Our journey around Ireland next took us north to the Cliffs of Moher. From Dingle we headed through Tralee then to the Tarbert ferry over the River Shannon. The ferry ride can save you considerable time (the other option being driving all the way around the river) but it only runs once an hour so you need to check its schedule and time your arrival accordingly. The ferry ride lasts about 15 minutes and it was cold but very scenic.
Soon we’re in County Clare and our main stop of the day is not far ahead, the famous Cliffs of Moher (pronounced Maahrr), Ireland’s most popular natural tourist attraction which draws over a million visitors a year. The first stop when visiting the Cliffs should be the new Visitor Center which is built into a hill near the cliffs and blends in beautifully with the countryside. The visitor center has some interesting exhibits and a nice cafeteria with wonderful views (towards the southern cliffs and Hag’s head).
When you’ve viewed the exhibits you’re ready to go see and enjoy the actual cliffs. Stretching for five miles (8 km) and standing up to 760 ft (240 m) high, the Cliffs of Moher are very sheer. The cliffs are ancient layered shale, sandstone and flagstone and contain many marine fossils. The winds in the area are strong and these together with the sea and rain are constantly eroding the rock face. And the cliffs very literally are a straight drop down, nothing at all gradual about them.
Perhaps of greatest surprise to me was that long stretches of the cliffs were not fenced off or barricaded in any way. It was up to each tourist to be responsible and to ensure they didn’t fall off or step over the precipice. Obviously Ireland has very different tort laws than the USA and I found this quite appealing. It’s worth noting that there several plaques posted in these open areas that prominently display a suicide prevention hotline. The highest point along the cliffs is O’Brien’s tower, built of flagstone, an observation point made for tourists. Below the tower is a sea stack known as Branaumore Rock which stands 70 m high.
The cliffs are home to large numbers of birds (20 species and 30,000 breeding pairs!) which includes puffins, guillemots and razor-bills. It is not surprising to learn that the area is a major bird preserve. These cliffs are very hazardous for ships, many of which have been wrecked here, so the area still avoided by mariners. There are smaller cruise vessels that do brave these waters on calmer days and offer you a chance to see these sheer cliffs from sea, a different perspective than what you’d get from land.
I’d count on about a half day to visit the Cliffs, longer if you want to hike their entire length. They’re very dramatic cliffs and worth seeing, but to me the beauty of the area is nowhere near what is found on the Dingle peninsula or around the Ring of Kerry. If your time is limited, head there instead.

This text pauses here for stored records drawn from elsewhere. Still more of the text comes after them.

(* Assume in addition that $f_i'(u)+1\neq 0$ for all $u\in\mathbb R$ and all $1\le i\le k$. Then $\mathcal M_F$ is $0$-modeled on $\mathcal V=(\mathbb R^{3k+2},(\cdot,\cdot),R)$: for every point $P\in\mathbb R^{3k+2}$ there is a linear isometry $\Phi_P:(T_P\mathbb R^{3k+2},g_F|_P)\to(\mathbb R^{3k+2},(\cdot,\cdot))$ with $\Phi_P^*R=R_P$, where $R_P$ is the curvature tensor of $g_F$ at $P$. Equivalently, every tangent space $T_P\mathcal M_F$ admits a normalized basis with respect to $g_F|_P$ and $R_P$. In particular $\mathcal M_F$ is $0$-curvature homogeneous.
   Context: Fix an integer $k\ge 1$ and signs $\varepsilon_1,\dots,\varepsilon_k\in\{\pm1\}$. Let $f_1,\dots,f_k:\mathbb R\to\mathbb R$ be smooth functions and $F=(f_1,\dots,f_k)$. On $\mathbb R^{3k+2}$ with coordinates $(u_0,\dots,u_k,v_0,\dots,v_k,s_1,\dots,s_k)$ let $g_F$ be the symmetric metric whose only nonzero components on coordinate vector fields are (up to symmetry), for $1\le i\le k$ and $0\le i',j\le k$: $g_F(\partial_{u_0},\partial_{u_i})=2f_i(u_i)s_i$, $g_F(\partial_{u_i},\partial_{u_i})=-2u_0s_i$, $g_F(\partial_{u_{i'}},\partial_{v_j})=\delta_{i'j}$, $g_F(\partial_{s_i},\partial_{s_i})=\varepsilon_i$. Write $\mathcal M_F=(\mathbb R^{3k+2},g_F)$, $\nabla$ for its Levi-Civita connection and $R(X,Y,Z,W)=g_F(\nabla_X\nabla_YZ-\nabla_Y\nabla_XZ-\nabla_{[X,Y]}Z,W)$. Model: let $V=\mathbb R^{3k+2}$ with basis $\{U_0,\dots,U_k,V_0,\dots,V_k,S_1,\dots,S_k\}$, let $(\cdot,\cdot)$ be the symmetric inner product whose only nonzero values on pairs of basis vectors are $(U_i,V_i)=(V_i,U_i)=1$ for $0\le i\le k$ and $(S_i,S_i)=\varepsilon_i$ for $1\le i\le k$, and let $R$ be the algebraic curvature tensor on $V$ (a 4-linear form with $R(x,y,z,w)=-R(y,x,z,w)=R(z,w,x,y)$ and $R(x,y,z,w)+R(y,z,x,w)+R(z,x,y,w)=0$) whose only nonzero values on 4-tuples of basis vectors are those obtained from $R(U_0,U_i,U_i,S_i)=1$ ($1\le i\le k$) by these symmetries. Set $\mathcal V=(V,(\cdot,\cdot),R)$. Given a vector space $W$ with a symmetric bilinear form $\langle\cdot,\cdot\rangle$ and a 4-tensor $T$, a normalized basis of $(W,\langle\cdot,\cdot\rangle,T)$ is a basis $\{U_0',\dots,U_k',V_0',\dots,V_k',S_1',\dots,S_k'\}$ on which $\langle\cdot,\cdot\rangle$ and $T$ take exactly the values just described for $(\cdot,\cdot)$ and $R$ on the standard basis. *)

From HB Require Import structures.
From mathcomp Require Import all_boot all_order all_algebra.
From mathcomp Require Import all_classical all_reals all_analysis.
Set Implicit Arguments. Unset Strict Implicit. Unset Printing Implicit Defensive.
Import Order.TTheory GRing.Theory Num.Theory.
Local Open Scope ring_scope.

Section Defs.
Variables (R : realType) (k : nat).

(* dimension 3k+2 = (k+1) + (k+1) + k ; coordinates ordered
   u_0..u_k, v_0..v_k, s_1..s_k *)
Definition dimF := (k.+1 + k.+1 + k)%N.

Definition Uix (i : 'I_k.+1) : 'I_dimF := lshift k (lshift k.+1 i).
Definition Vix (i : 'I_k.+1) : 'I_dimF := lshift k (rshift k.+1 i).
(* Six i is the index of s_{i+1}, i : 'I_k *)
Definition Six (i : 'I_k) : 'I_dimF := rshift (k.+1 + k.+1) i.
(* U0 = index of u_0, Ui i = index of u_{i+1}, i : 'I_k *)
Definition U0 : 'I_dimF := Uix ord0.
Definition Ui (i : 'I_k) : 'I_dimF := Uix (lift ord0 i).

Definition symE (a b : 'I_dimF) : 'M[R]_dimF := delta_mx a b + delta_mx b a.

(* the matrix of g_F at the point P (P : row vector of coordinates).
   F i is f_{i+1}, eps i is epsilon_{i+1}. *)
Definition gF (F : 'I_k -> R -> R) (eps : 'I_k -> R) (P : 'rV[R]_dimF)
  : 'M[R]_dimF :=
  \sum_(i < k) ((2 * F i (P 0 (Ui i)) * P 0 (Six i)) *: symE U0 (Ui i)
                 + (- 2 * P 0 U0 * P 0 (Six i)) *: delta_mx (Ui i) (Ui i))
  + \sum_(j < k.+1) symE (Uix j) (Vix j)
  + \sum_(i < k) eps i *: delta_mx (Six i) (Six i).

Definition bform (M : 'M[R]_dimF) (x y : 'rV[R]_dimF) : R :=
  (x *m M *m y^T) 0 0.

Definition partial (h : 'rV[R]_dimF -> R) (a : 'I_dimF) (P : 'rV[R]_dimF) : R :=
  derive1 (fun t : R => h (P + t *: delta_mx 0 a)) 0.

(* Christoffel symbols of the first kind:
   Gamma1 g P d b c = g(nabla_{d_b} d_c, d_d) at P (Koszul formula) *)
Definition Gamma1 (g : 'rV[R]_dimF -> 'M[R]_dimF) (P : 'rV[R]_dimF)
  (d b c : 'I_dimF) : R :=
  (partial (fun Q => g Q d c) b P + partial (fun Q => g Q d b) c P
   - partial (fun Q => g Q b c) d P) / 2.
Theorem corollary2p3 (X : Type) (d : X -> X -> R) (hd : is_metric d) :
  (exists (alpha : R), 0 < alpha < 1 /\
     exists (N : NormedSpace), finite_dimensional N /\
       exists f : X -> N,
         forall x y : X,
           ns_norm N (ns_add N (f x) (ns_opp N (f y))) = rpow_nonneg (d x y) alpha)
  <-> finite_type X.
Proof.
  destruct hd as (Hd0 & Hd1 & Hdsym & Hdtri); split.
  - intros (alpha & Ha & N & HN & f & Hf); apply NNPP; intro Hinf.
    destruct (injective_seq_of_infinite X Hinf) as [xs Hxs].
    destruct (finite_dimensional_coordinates N HN)
      as (n & nu & K & coord & Hsub & Hhom & Hbound & Hdef & Hdist).
    apply (snowflake_no_separated_seq nu Hsub Hhom n K Hbound Hdef (/ alpha)
             (fun a => exists x, a = coord (f x)) (fun k => coord (f (xs k)))).
    + rewrite <- Rinv_1; apply Rinv_lt_contravar; lra.
    + intros a b c [x ->] [y ->] [z ->].
      rewrite <- !Hdist, !Hf, !rpow_nonneg_inv by (auto; lra); apply Hdtri.
    + intro k; eauto.
    + intros a b Hab; rewrite <- Hdist, Hf, rpow_nonneg_pos; [apply exp_pos|].
      destruct (Hd0 (xs a) (xs b)) as [| Hz]; auto.
      exfalso; apply (Hxs a b Hab), Hd1; auto.
  - intro Hfin; exists (/ 2); split; [lra|].
    destruct (finite_sqrt_metric_embedding X d (conj Hd0 (conj Hd1 (conj Hdsym Hdtri))) Hfin)
      as (N & HN & f & Hf).
    exists N; split; auto; exists f; intros x y; rewrite rpow_nonneg_half; auto.
Qed.
(* A solution of L(m,a): x_1+...+x_{m-1} = a x_m.  The tuple (x_1,...,x_m)
   is represented by xs : 'I_m.-1 -> nat (for x_1..x_{m-1}) and xm (for x_m). *)
Definition is_solution (m a : nat) (xs : 'I_m.-1 -> nat) (xm : nat) : Prop :=
  \sum_(i < m.-1) xs i = a * xm.

Definition in_range (n : nat) (m : nat) (xs : 'I_m.-1 -> nat) (xm : nat) : Prop :=
  (forall i, 1 <= xs i <= n) /\ 1 <= xm <= n.

(* a 2-coloring of [n] is any c : nat -> bool (only values on [n] matter) *)
Definition monochromatic (c : nat -> bool) (m : nat) (xs : 'I_m.-1 -> nat) (xm : nat) : Prop :=
  forall i, c (xs i) = c xm.

Definition rado_property (m a n : nat) : Prop :=
  forall c : nat -> bool, exists (xs : 'I_m.-1 -> nat) (xm : nat),
    in_range n xs xm /\ is_solution a xs xm /\ monochromatic c xs xm.

Definition is_rado_number (m a r : nat) : Prop :=
  0 < r /\ rado_property m a r /\ (forall n, 0 < n -> rado_property m a n -> r <= n).

Definition ceil_div (p q : nat) : nat := (p + q.-1) %/ q.

(* C(m,3) = ceil( (m-1)/3 * ceil((m-1)/3) ) = ceil( (m-1)*ceil((m-1)/3) / 3 ) *)
Definition C3 (m : nat) : nat := ceil_div ((m - 1) * ceil_div (m - 1) 3) 3.

From mathcomp Require Import all_boot zify.
Set Implicit Arguments. Unset Strict Implicit. Unset Printing Implicit Defensive.

(* Write k = m - 1, q = ceil(k/3) and C = ceil(kq/3) = C(m,3).  A solution in
   [n] monochromatic for c is the same thing as a z in [n] such that 3z is a
   sum of k numbers of [n] of the colour of z ("expressible" below), so the
   file starts with a small calculus of such sums: single terms, constant
   sums, concatenation, and every total between k*lo and k*hi when a whole
   interval [lo, hi] is available.
   - Lower bound (all k): colour x red iff x < q.  A red solution has
     3 x_m >= k > 3(q-1), a blue one has 3 x_m >= kq, so [C-1] is
     solution-free.
   - Upper bound (k >= 6): with 1 red, a case analysis on the colours of
     2, 3, 4 (and, if 2 is red, of q, q+1 and the least blue b) exhibits in
     every case some z <= C whose both possible colours lead to a
     monochromatic k-fold sum equal to 3z.
   - Small cases m = 3..6: a boolean decision procedure, proved sound and
     complete, is run on all colourings of [n] and on an explicit
     solution-free colouring of [r-1]. *)

Definition expressible (P : nat -> Prop) (n s : nat) : Prop :=
  exists f : nat -> nat, (forall i, i < n -> P (f i)) /\ \sum_(i < n) f i = s.

Lemma expressible0 P : expressible P 0 0.
Proof. by exists (fun _ => 0); rewrite big_ord0. Qed.

Lemma expressible1 (P : nat -> Prop) v : P v -> expressible P 1 v.
Proof. by move=> Pv; exists (fun _ => v); rewrite big_ord1. Qed.

Lemma expressible_add P n1 n2 s1 s2 :
  expressible P n1 s1 -> expressible P n2 s2 -> expressible P (n1 + n2) (s1 + s2).
Proof.
move=> [f1 [P1 <-]] [f2 [P2 <-]].
exists (fun i => if i < n1 then f1 i else f2 (i - n1)); split.
  move=> i lt_i; case: ifP => [/P1 //|/negbT]; rewrite -leqNgt => le_n1i.
  by apply: P2; rewrite ltn_subLR.
rewrite big_split_ord /=; congr (_ + _); apply: eq_bigr => i _ /=.
  by rewrite ltn_ord.
by rewrite ltnNge leq_addr /= addKn.
Qed.

Lemma expressible_cast P n s n' s' :
  expressible P n s -> n = n' -> s = s' -> expressible P n' s'.
Proof. by move=> h <- <-. Qed.

Lemma expressible_const (P : nat -> Prop) v n : P v -> expressible P n (n * v).
Proof.
move=> Pv; elim: n => [|n IH]; first exact: expressible0.
by rewrite mulSn -add1n; apply: expressible_add IH; apply: expressible1.
Qed.

(* With every number of [lo, hi] available, n terms reach every total
   between n*lo and n*hi (take one term greedily, recurse on the rest). *)
Lemma expressible_interval (P : nat -> Prop) lo hi n s :
  (forall x, lo <= x <= hi -> P x) -> n * lo <= s <= n * hi -> expressible P n s.
Proof.
move=> Plohi; elim: n s => [|n IH] s s_bounds.
  have -> : s = 0 by lia.
  exact: expressible0.
have le_lohi : lo <= hi by rewrite -(leq_pmul2l (ltn0Sn n)); lia.
have le_nlohi : n * lo <= n * hi by rewrite leq_mul2l le_lohi orbT.
rewrite !mulSn in s_bounds.
pose x := minn hi (s - n * lo).
have x_bounds : lo <= x <= hi by rewrite /x; lia.
have rest_bounds : n * lo <= s - x <= n * hi by rewrite /x; lia.
apply: expressible_cast
  (expressible_add (expressible1 (Plohi x x_bounds)) (IH _ rest_bounds)) erefl _.
by rewrite /x; lia.
Qed.

Lemma expressible_mono (P Q : nat -> Prop) n s :
  (forall x, P x -> Q x) -> expressible P n s -> expressible Q n s.
Proof. by move=> PQ [f [Pf <-]]; exists f; split=> // i /Pf /PQ. Qed.

Definition colored (N : nat) (c : nat -> bool) (b : bool) (x : nat) : Prop :=
  1 <= x <= N /\ c x = b.

(* Some z in [N] has a*z equal to a sum of k numbers of [N] of its colour:
   exactly a monochromatic solution of L(k+1, a) in [N]. *)
Definition mono_sum (a k N : nat) (c : nat -> bool) : Prop :=
  exists z, 1 <= z <= N /\ expressible (colored N c (c z)) k (a * z).

Lemma mono_sum_intro a k N c z b :
  1 <= z <= N -> c z = b -> expressible (colored N c b) k (a * z) -> mono_sum a k N c.
Proof. by move=> z_bounds <- z_sum; exists z. Qed.

Lemma mono_sum_solution a k N c : mono_sum a k N c ->
  exists (xs : 'I_k.+1.-1 -> nat) (xm : nat),
    in_range N xs xm /\ is_solution a xs xm /\ monochromatic c xs xm.
Proof.
move=> [z [z_bounds [f [f_col f_sum]]]].
exists (fun i : 'I_k => f i), z; split; [split|split] => // i;
  by case: (f_col i (ltn_ord i)).
Qed.

Lemma rado_lower m a r c :
  (forall (xs : 'I_m.-1 -> nat) xm,
     in_range r.-1 xs xm -> is_solution a xs xm -> monochromatic c xs xm -> False) ->
  forall n, rado_property m a n -> r <= n.
Proof.
move=> no_solution n rado; rewrite leqNgt; apply/negP => lt_nr.
have [xs [xm [[xs_range xm_range] [sol mono]]]] := rado c.
apply: (no_solution xs xm) sol mono; split; last by lia.
by move=> i; have := xs_range i; lia.
Qed.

A little further northeast in County Clare, but still close to the cliffs, is “the Burren“. This is a very barren, rocky area covering about 250 sq kilometers that at first glance looks nearly lifeless. This area was scoured by the glaciers of the last Ice age and mostly looks like dead rock. On close examination, especially in the spring, there is a very diversified flower population struggling for life in the cracked rocks. More amazing is that are 600 variety of plants grow here, ranging from Mediterranean to arctic plant species, a very unusual combination. Even this barren land you can find a lot of ancient sites, including burial sites.
To see a complete list of my posts on Ireland, please click on this link.
We’ve been to The Cliffs of Moher twice and each time was most enjoyable. Walking along these cliffs is exhilarating and the views of the Atlantic Ocean are beautiful.
A very short drive from The Cliffs is the quaint little town of Doolin, which is also on the sea. It was late afternoon when we departed the The Cliffs and just decided, on a whim, to stop in Doolin to find a b&b to spend the night. We saw a sign for several b&b’s, but decided to try a place called Susan Daly’s B&B. It turned out to be the best b&b we stayed in during our entire trip to Ireland and she was the most gracious hostess. Our room overlooked a intensely green meadow and the ruins of a very old church. We loved everything about our stay and she tried calling several places to find us a b&b in Galway, but was unable. She give us directions to College Road, where numerous b&b’s are located and were able to find accommodations.
She recommended a place called O’Conner’s for dinner and then we took a walk down to pier and beach. The beach was one of the most unusual we’ve ever seen.
Above is Susan Daly’s B&B in Doolin.
The Cliffs of Moher from Doolin somewhere between the b&b and the pier.
Above is the beach in Doolin, which looks like an ancient lava flow. It was very unusual, it say the least.
We were in Ireland for two weeks driving around with a very loose itinerary and most times just going where the road took us.
Thanks for the great info, Rbciao! I also love finding little places like this along my journey. Amazing how a nice B&B experience adds so much to your enjoyment of the day. And your photo of the cliffs provides a very different perspective and makes one appreciate how tall they really are!
The Cliffs of Moher are beautiful, but the day we were there, while it was clear and sunny, the wind was bitterly cold. It would not have been a problem with proper gear but as we were trying to travel light, I lacked all the layers I would have had back home.